As embodied-carbon policy tightens and occupier expectations rise, retrofit-first is moving from slogan to strategy
As embodied-carbon policy tightens and occupier expectations rise, retrofit-first is moving from slogan to strategy
As we prepare for the BCO conference and UKREiiF 2026, the conversation with respect to retrofitting historic buildings has shifted from whether we should act, to how quickly we can.
With new policy weight being given to embodied carbon, the case for keeping and upgrading what we already have is strengthening fast, and for those of us working within built heritage, that means creating vital opportunities to transform historic assets into the next generation of sustainable, high-performing workplaces. This is the end of the ’demolish-by-default’ era; the task now is to tackle office obsolescence by making the most of what heritage buildings already offer: character, durability and a lower-carbon starting point.
The policy landscape has undergone a fundamental shift. The Draft NPPF and emerging local plans are placing unprecedented weight on embodied carbon, signalling that the ‘public benefit’ of retaining and reusing existing structures can now carry substantial weight in the planning balance. Scotland’s NPF4 (February 2023) moved early in this direction at a national level, and the direction of travel is clear across the UK. For owners of ageing office stock, particularly where assets are listed or within sensitive historic environments, this is not simply an extra reporting line; it is changing what is consentable, what is investable and what is competitive. In practice, a planning-led retrofit strategy is becoming the route to unlocking viable refurbishment, extension or change-of-use, while managing heritage constraints and viability pressures in a high-interest environment.
This shift is landing in the context of a definitive two-tier office market. The flight to quality is no longer just about design; it is increasingly a shift to performance; energy, comfort, adaptability and ESG office market credibility. Retrofitting heritage can meet that bar, but it requires a clear story about why interventions are necessary, proportionate and beneficial. Where well-judged additions are needed, the strongest schemes are those that use heritage significance as a framework for change, so that upgrades, additional space and modern services are seen as enabling long-term use rather than eroding special interest. For example, our work at Sackville House in London has focused on using a planning-led retrofit approach to reposition a listed asset toward market-leading, Grade A office space, while extending, altering and celebrating the building’s defining character.

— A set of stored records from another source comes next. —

(* Let $\mathcal{A}$ be an abelian category. (1) Let $M$ be a weak duo object of $\mathcal{A}$ having SSIP, and let $(N_i)_{i\in I}$ be a family of objects of $\mathcal{A}$ having a product. Then $\prod_{i\in I} N_i$ is strongly $M$-Rickart if and only if $N_i$ is strongly $M$-Rickart for every $i\in I$. (2) Let $(M_i)_{i\in I}$ be a family of objects of $\mathcal{A}$ having a coproduct, and let $N$ be a weak duo object of $\mathcal{A}$ having SSSP. Then $N$ is dual strongly $\bigoplus_{i\in I} M_i$-Rickart if and only if $N$ is dual strongly $M_i$-Rickart for every $i\in I$.
   Context: An object $M$ has the strong summand intersection property (SSIP) if the intersection of any family of direct summands of $M$ is a direct summand of $M$; it has the strong summand sum property (SSSP) if the sum of any family of direct summands of $M$ is a direct summand of $M$. A morphism $f:X\to Y$ is a section if $f'f=1_X$ for some $f'$, a retraction if $ff'=1_Y$ for some $f'$. A monomorphism $k:K\to X$ is fully invariant if for every $h:X\to X$ there is $\alpha:K\to K$ with $hk=k\alpha$; an epimorphism $c:X\to C$ is fully coinvariant if for every $h:X\to X$ there is $\gamma:C\to C$ with $ch=\gamma c$. An object is weak duo if every section into it is fully invariant (equivalently every retraction from it is fully coinvariant). $N$ is strongly $M$-Rickart if the kernel of every morphism $f:M\to N$ is a fully invariant section; $N$ is dual strongly $M$-Rickart if the cokernel of every morphism $f:M\to N$ is a fully coinvariant retraction (equivalently its image is a fully invariant section of $N$). *)

From HB Require Import structures.
From mathcomp Require Import all_boot all_algebra.
Set Implicit Arguments. Unset Strict Implicit. Unset Printing Implicit Defensive.
Import GRing.Theory.
Local Open Scope ring_scope.

Record precategory := PreCategory {
  Ob :> Type;
  Mor : Ob -> Ob -> zmodType;
  comp : forall A B C : Ob, Mor B C -> Mor A B -> Mor A C;
  idm : forall A : Ob, Mor A A;
  compA : forall A B C D (h : Mor C D) (g : Mor B C) (f : Mor A B),
      comp h (comp g f) = comp (comp h g) f;
  comp1m : forall A B (f : Mor A B), comp (idm B) f = f;
  compm1 : forall A B (f : Mor A B), comp f (idm A) = f;
  compDl : forall A B C (g1 g2 : Mor B C) (f : Mor A B),
      comp (g1 + g2) f = comp g1 f + comp g2 f;
  compDr : forall A B C (g : Mor B C) (f1 f2 : Mor A B),
      comp g (f1 + f2) = comp g f1 + comp g f2
}.
Arguments comp {p A B C}.
Arguments idm {p}.

Section Notions.
Variable C : precategory.

Definition mono (A B : C) (f : Mor A B) : Prop :=
  forall X (g h : Mor X A), comp f g = comp f h -> g = h.
Definition epi (A B : C) (f : Mor A B) : Prop :=
  forall Y (g h : Mor B Y), comp g f = comp h f -> g = h.

Definition is_kernel (A B : C) (f : Mor A B) (K : C) (k : Mor K A) : Prop :=
  comp f k = 0 /\
  forall X (g : Mor X A), comp f g = 0 -> exists! u : Mor X K, comp k u = g.
Definition is_cokernel (A B : C) (f : Mor A B) (Q : C) (c : Mor B Q) : Prop :=
  comp c f = 0 /\
  forall Y (g : Mor B Y), comp g f = 0 -> exists! u : Mor Q Y, comp u c = g.

Definition is_zero_object (Z : C) : Prop :=
  forall X : C, (forall f g : Mor X Z, f = g) /\ (forall f g : Mor Z X, f = g).

Definition is_biproduct (A B S : C) (i1 : Mor A S) (i2 : Mor B S)
    (p1 : Mor S A) (p2 : Mor S B) : Prop :=
  [/\ comp p1 i1 = idm A, comp p2 i2 = idm B, comp p1 i2 = 0, comp p2 i1 = 0
    & comp i1 p1 + comp i2 p2 = idm S].

Definition is_abelian : Prop :=
  (exists Z : C, is_zero_object Z) /\
  [/\ (forall A B : C, exists S (i1 : Mor A S) (i2 : Mor B S) p1 p2,
          is_biproduct i1 i2 p1 p2),
      (forall (A B : C) (f : Mor A B), exists K (k : Mor K A), is_kernel f k),
      (forall (A B : C) (f : Mor A B), exists Q (c : Mor B Q), is_cokernel f c),
      (forall (A B : C) (f : Mor A B), mono f ->
          exists D (g : Mor B D), is_kernel g f)
    & (forall (A B : C) (f : Mor A B), epi f ->
          exists D (g : Mor D A), is_cokernel g f)].

Definition section (X Y : C) (f : Mor X Y) : Prop :=
  exists f' : Mor Y X, comp f' f = idm X.
Definition retraction (X Y : C) (f : Mor X Y) : Prop :=
  exists f' : Mor Y X, comp f f' = idm Y.

Definition fully_invariant (K X : C) (k : Mor K X) : Prop :=
  mono k /\ forall h : Mor X X, exists a : Mor K K, comp h k = comp k a.
Definition fully_coinvariant (X Q : C) (c : Mor X Q) : Prop :=
  epi c /\ forall h : Mor X X, exists g : Mor Q Q, comp c h = comp g c.

Definition weak_duo (M : C) : Prop :=
  forall A (s : Mor A M), section s -> fully_invariant s.

Definition factors_through (A T X : C) (g : Mor A X) (t : Mor T X) : Prop :=
  exists u : Mor A T, comp t u = g.
(* Let $n,d\in\mathbb{N}$ and let $k\geq 3$ be an integer such that $m=nd/k\in\mathbb{N}$ and $\binom{m}{2}<\binom{n}{k}$. Then \[\mathbb{P}_{\pi_{\mathcal{B}}}\big(\mathcal{B}^*(n,d,k)\big)\geq 1-\binom{m}{2}\binom{n}{k}^{-1}.\] Consequently, if $\mathcal{A}$ is an algorithm sampling from $\mathcal{B}(n,d,k)$ with output distribution $\sigma_{\mathcal{B}}$ satisfying $d_{TV}(\sigma_{\mathcal{B}},\pi_{\mathcal{B}})\leq\varepsilon$ for some $\varepsilon\in(0,1)$, and $\binom{m}{2}\leq c_0\binom{n}{k}$ for some $c_0\in(0,1-\varepsilon)$, then the output distribution $\sigma_{\mathcal{H}}$ of \textsc{HypergraphSampling}$((d,\dots,d),k,\mathcal{A})$ satisfies $d_{TV}(\sigma_{\mathcal{H}},\pi_{\mathcal{H}})\leq \frac{3\varepsilon}{2(1-c_0)}$, and its expected runtime is at most $(1-c_0-\varepsilon)^{-1}(\tau+\rho)$, where $\tau$ is the (expected) runtime of $\mathcal{A}$ and $\rho$ is the runtime of the H-simplicity test.
   Context: $\mathcal{B}(n,d,k)$ denotes the set of simple bipartite graphs with fixed bipartition $X=\{x_1,\dots,x_n\}$, $Y=\{y_1,\dots,y_m\}$ in which every node of $X$ has degree $d$ and every node of $Y$ has degree $k$. $B$ is H-simple if distinct nodes of $Y$ have distinct neighbourhoods; $\mathcal{B}^*(n,d,k)$ is the set of H-simple elements of $\mathcal{B}(n,d,k)$, and $\pi_{\mathcal{B}}$ is the uniform distribution on $\mathcal{B}(n,d,k)$. For an H-simple $B$, $\varphi(B)$ is the simple $k$-uniform hypergraph on $X$ with edge set $\{\mathcal{N}_B(y):y\in Y\}$; $\pi_{\mathcal{H}}$ is the uniform distribution on the set of simple $k$-uniform $d$-regular hypergraphs on $X$. \textsc{HypergraphSampling}$(\boldsymbol{d},k,\mathcal{A})$ repeatedly samples $B$ using $\mathcal{A}$ until $B$ is H-simple, then outputs $\varphi(B)$; the H-simplicity test also constructs $\varphi(B)$. $d_{TV}$ is total variation distance. *)

From HB Require Import structures.
From mathcomp Require Import all_boot all_order all_algebra.
From mathcomp Require Import all_classical all_reals all_analysis.
Import Order.TTheory GRing.Theory Num.Theory.
Local Open Scope ring_scope.

(* A bipartite graph with fixed bipartition X = 'I_n, Y = 'I_m, given by
   its edge set (x, y). *)
Definition bigraph (n m : nat) := {set 'I_n * 'I_m}.

Definition nbhdY {n m} (B : bigraph n m) (y : 'I_m) : {set 'I_n} :=
  [set x | (x, y) \in B].
Definition nbhdX {n m} (B : bigraph n m) (x : 'I_n) : {set 'I_m} :=
  [set y | (x, y) \in B].

Definition biregular {n m} (d k : nat) (B : bigraph n m) : bool :=
  [forall x, #|nbhdX B x| == d] && [forall y, #|nbhdY B y| == k].

Definition Bset n m (d k : nat) : {set bigraph n m} :=
  [set B | biregular d k B].

Definition H_simple {n m} (B : bigraph n m) : bool := injectiveb (nbhdY B).

Definition Bstar n m (d k : nat) : {set bigraph n m} :=
  [set B in Bset n m d k | H_simple B].

(* hypergraphs on X = 'I_n, given by their (simple) edge set *)
Definition hypergraph (n : nat) := {set {set 'I_n}}.

Definition phi {n m} (B : bigraph n m) : hypergraph n :=
  [set nbhdY B y | y : 'I_m].

Definition unif_reg {n} (d k : nat) (H : hypergraph n) : bool :=
  [forall e in H, #|e| == k] && [forall x, #|[set e in H | x \in e]| == d].

Definition Hset n (d k : nat) : {set hypergraph n} := [set H | unif_reg d k H].

Definition is_distr {R : realType} {T : finType} (mu : T -> R) : Prop :=
  (forall x, 0 <= mu x) /\ \sum_x mu x = 1.

Definition prob {R : realType} {T : finType} (mu : T -> R) (A : {set T}) : R :=
  \sum_(x in A) mu x.

Definition unif (R : realType) {T : finType} (A : {set T}) (x : T) : R :=
  if x \in A then #|A|%:R^-1 else 0.

Definition dTV {R : realType} {T : finType} (mu nu : T -> R) : R :=
  2^-1 * \sum_x `|mu x - nu x|.

Definition piB (R : realType) n m (d k : nat) : bigraph n m -> R :=
  unif R (Bset n m d k).
Definition piH (R : realType) n (d k : nat) : hypergraph n -> R :=
  unif R (Hset n d k).
Lemma feval_subst M rho s A :
  feval M rho (fsubst s A) <-> feval M (fun x => teval M rho (s x)) A.
Proof.
  induction A; simpl; try tauto.
  destruct a; simpl.
  - rewrite !teval_subst. tauto.
  - rewrite map_map, (map_ext _ _ (fun t => teval_subst M rho s t)). tauto.
Qed.

Lemma teval_cong M k r1 r2 t : tvars_lt k t -> (forall x, x < k -> r1 x = r2 x) ->
  teval M r1 t = teval M r2 t.
Proof.
  intros Ht Hr. induction t as [x|f ts IH] using term_ind'; [simpl in *; auto|].
  rewrite tvars_lt_Fn, Forall_forall in Ht. rewrite Forall_forall in IH.
  simpl. f_equal. apply map_ext_in. auto.
Qed.

Lemma feval_cong M k r1 r2 A : fvars_lt k A -> (forall x, x < k -> r1 x = r2 x) ->
  (feval M r1 A <-> feval M r2 A).
Proof.
  intros HA Hr. induction A; simpl in *; try tauto;
    try (destruct HA; rewrite IHA1, IHA2 by assumption; tauto).
  destruct a; simpl in *.
  - destruct HA. rewrite (teval_cong M k r1 r2 t), (teval_cong M k r1 r2 t0); tauto.
  - rewrite Forall_forall in HA.
    rewrite (map_ext_in _ (teval M r2) l) by (intros; eapply teval_cong; eauto). tauto.
Qed.

Lemma tvars_mono k n t : k <= n -> tvars_lt k t -> tvars_lt n t.
Proof.
  intros Hk. induction t as [x|f ts IH] using term_ind'; [simpl; lia|].
  rewrite !tvars_lt_Fn, !Forall_forall. rewrite Forall_forall in IH. auto.
Qed.

Lemma fvars_mono k n A : k <= n -> fvars_lt k A -> fvars_lt n A.
Proof.
  intros Hk. induction A; simpl; try tauto; try (intros [? ?]; auto).
  destruct a; simpl.
  - intros [? ?]; split; eapply tvars_mono; eauto.
  - rewrite !Forall_forall. intros; eapply tvars_mono; eauto.
Qed.

Lemma tvars_subst k n s t : tvars_lt k t -> (forall x, x < k -> tvars_lt n (s x)) ->
  tvars_lt n (tsubst s t).
Proof.
  intros Ht Hs. induction t as [x|f ts IH] using term_ind'; [simpl in *; auto|].
  change (tvars_lt n (Fn f (map (tsubst s) ts))).
  rewrite tvars_lt_Fn in *. rewrite Forall_forall in IH, Ht |- *.
  intros u Hu. apply in_map_iff in Hu as [v [<- Hv]]. auto.
Qed.

Lemma fvars_subst k n s A : fvars_lt k A -> (forall x, x < k -> tvars_lt n (s x)) ->
  fvars_lt n (fsubst s A).
Proof.
  intros HA Hs. induction A; simpl in *; try tauto; try (destruct HA; auto).
  destruct a; simpl in *.
  - destruct HA; split; eapply tvars_subst; eauto.
  - rewrite Forall_forall in *. intros u Hu.
    apply in_map_iff in Hu as [v [<- Hv]]. eapply tvars_subst; eauto.
Qed.
(* In coordinates $(t,r,\theta,\phi)$ take the coframe $\mathbf h^1=A_1(t,r)dt$, $\mathbf h^2=A_2(t,r)dr$, $\mathbf h^3=A_3(t,r)d\theta$, $\mathbf h^4=A_3(t,r)\sin\theta\,d\phi$ and a metric-compatible connection whose only non-zero components (up to $\omega_{abc}=-\omega_{bac}$) are $\omega_{341}=W_1$, $\omega_{342}=W_2$, $\omega_{233}=\omega_{244}=W_3$, $\omega_{234}=-\omega_{243}=W_4$, $\omega_{121}=W_5$, $\omega_{122}=W_6$, $\omega_{133}=\omega_{144}=W_7$, $\omega_{134}=-\omega_{143}=W_8$, $\omega_{344}=-\frac{\cos\theta}{A_3\sin\theta}$, with $W_i=W_i(t,r)$ (the most general spherically symmetric Riemann-Cartan connection). Then this connection has vanishing curvature (so the geometry is a spherically symmetric teleparallel geometry) if and only if there exist functions $\chi(t,r)$ and $\psi(t,r)$ such that $$W_1=-\frac{\partial_t\chi}{A_1},\; W_2=-\frac{\partial_r\chi}{A_2},\; W_3=\frac{\cosh\psi\cos\chi}{A_3},\; W_4=\frac{\cosh\psi\sin\chi}{A_3},$$ $$W_5=-\frac{\partial_t\psi}{A_1},\; W_6=-\frac{\partial_r\psi}{A_2},\; W_7=\frac{\sinh\psi\cos\chi}{A_3},\; W_8=\frac{\sinh\psi\sin\chi}{A_3}.$$ In particular every spherically symmetric teleparallel geometry is specified by the five functions $A_1,A_2,A_3,\chi,\psi$ of $(t,r)$.
   Context: Frame indices in $\{1,2,3,4\}$, $\eta=\mathrm{diag}(-1,1,1,1)$, $\omega_{abc}=\eta_{ad}\omega^d{}_{bc}$, connection one-form $\boldsymbol\omega^a{}_b=\omega^a{}_{bc}\mathbf h^c$, dual frame $\mathbf h_a=h_a{}^\mu\partial_\mu$. Curvature: $R^a{}_{bcd}=h_c{}^\mu\partial_\mu\omega^a{}_{bd}-h_d{}^\nu\partial_\nu\omega^a{}_{bc}+\omega^a{}_{fc}\omega^f{}_{bd}-\omega^a{}_{fd}\omega^f{}_{bc}$. A teleparallel geometry is one with $R^a{}_{bcd}=0$ for a metric-compatible connection. *)

From Stdlib Require Import Reals List.
From Coquelicot Require Import Coquelicot.
Import ListNotations.
Open Scope R_scope.

(* iterated partial derivatives: true = d/dt, false = d/dr (innermost applied last in list) *)
Fixpoint iterD (l : list bool) (f : R -> R -> R) : R -> R -> R :=
  match l with
  | nil => f
  | b :: l' =>
      let g := iterD l' f in
      if b then (fun t r => Derive (fun s => g s r) t)
           else (fun t r => Derive (fun s => g t s) r)
  end.
(* Let $\mathbf{L}$ be a Euclidean modal logic. If $\{2\}\times\mathbf{N}^{-}\subseteq\mathtt{S}_{\mathbf{L}}$, then $\mathtt{Th}(\mathtt{Fr}(\mathbf{L}))$ is undecidable.
   Context: A frame is a pair $(W,R)$ with $W$ non-empty and $R\subseteq W\times W$. Modal formulas (propositional variables, $\bot,\neg,\vee,\Box$) have standard Kripke semantics; validity in a frame means truth at all points under all valuations. A (normal) modal logic contains all tautologies and K axioms and is closed under uniform substitution, modus ponens and necessitation; a Euclidean modal logic is one not containing $\bot$ and containing $\Diamond\psi\to\Box\Diamond\psi$ for all $\psi$. $\mathtt{Fr}(\mathbf{L})$ is the class of frames validating $\mathbf{L}$; $\mathtt{Th}(\mathcal{C})$ is the set of first-order sentences (one binary relation symbol $\mathbf{R}$ and equality) valid in all frames of $\mathcal{C}$. $\mathbf{N}^{+}=\{1,2,\dots\}$, $\mathbf{N}^{-}=\{-1,0,1,\dots\}$. For $m\in\mathbf{N}^{+}$, $n\ge0$, the flower $\mathcal{F}_m^n$ has universe $\{0,\dots,m+n\}$ and relation $(\{0\}\times\{1,\dots,m\})\cup\{1,\dots,m+n\}^2$; $\mathcal{F}_m^{-1}$ has universe $\{1,\dots,m\}$ and relation $\{1,\dots,m\}^2$. $\mathtt{S}_{\mathbf{L}}=\{(m,n)\in\mathbf{N}^{+}\times\mathbf{N}^{-}:\ \mathbf{L}\text{ valid in }\mathcal{F}_m^n\}$. *)

From Stdlib Require Import Arith ZArith List.
Import ListNotations.

Inductive mform : Type :=
| mVar : nat -> mform
| mBot : mform
| mNeg : mform -> mform
| mOr  : mform -> mform -> mform
| mBox : mform -> mform.

Definition mImp (a b : mform) : mform := mOr (mNeg a) b.
Definition mDia (a : mform) : mform := mNeg (mBox (mNeg a)).

Fixpoint msat {W : Type} (R : W -> W -> Prop) (V : nat -> W -> Prop)
  (w : W) (f : mform) : Prop :=
  match f with
  | mVar p => V p w
  | mBot => False
  | mNeg a => ~ msat R V w a
  | mOr a b => msat R V w a \/ msat R V w b
  | mBox a => forall v, R w v -> msat R V v a
  end.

That opportunity is not limited to straightforward office refurbishment. In some cases, genuine sustainability and long-term value will come from bolder decisions, targeted office asset repositioning, mixed-use intensification, or carefully justified office to residential conversion and to other alternative uses where the market has moved on. We are seeing this play out across a range of heritage contexts, from repositioning and extension strategies for landmark listed offices, to adaptive reuse approaches that unlock new life in constrained historic settings. The common thread is keeping buildings in productive use: the most sustainable building is often the one that remains occupied, maintained and valued. For heritage assets, adaptive reuse can be the difference between managed evolution and slow decline, especially where vacancy risk and rising upgrade costs threaten long-term viability.
As embodied-carbon policy tightens and occupier expectations rise, retrofit-first is moving from slogan to strategy. The future of our city centres depends on converting existing historic buildings into places where people actively choose to work, so that heritage becomes not a constraint, but a platform for delivering the next generation of sustainable office buildings.
We look forward to continuing the conversation at the BCO conference and UKREiiF.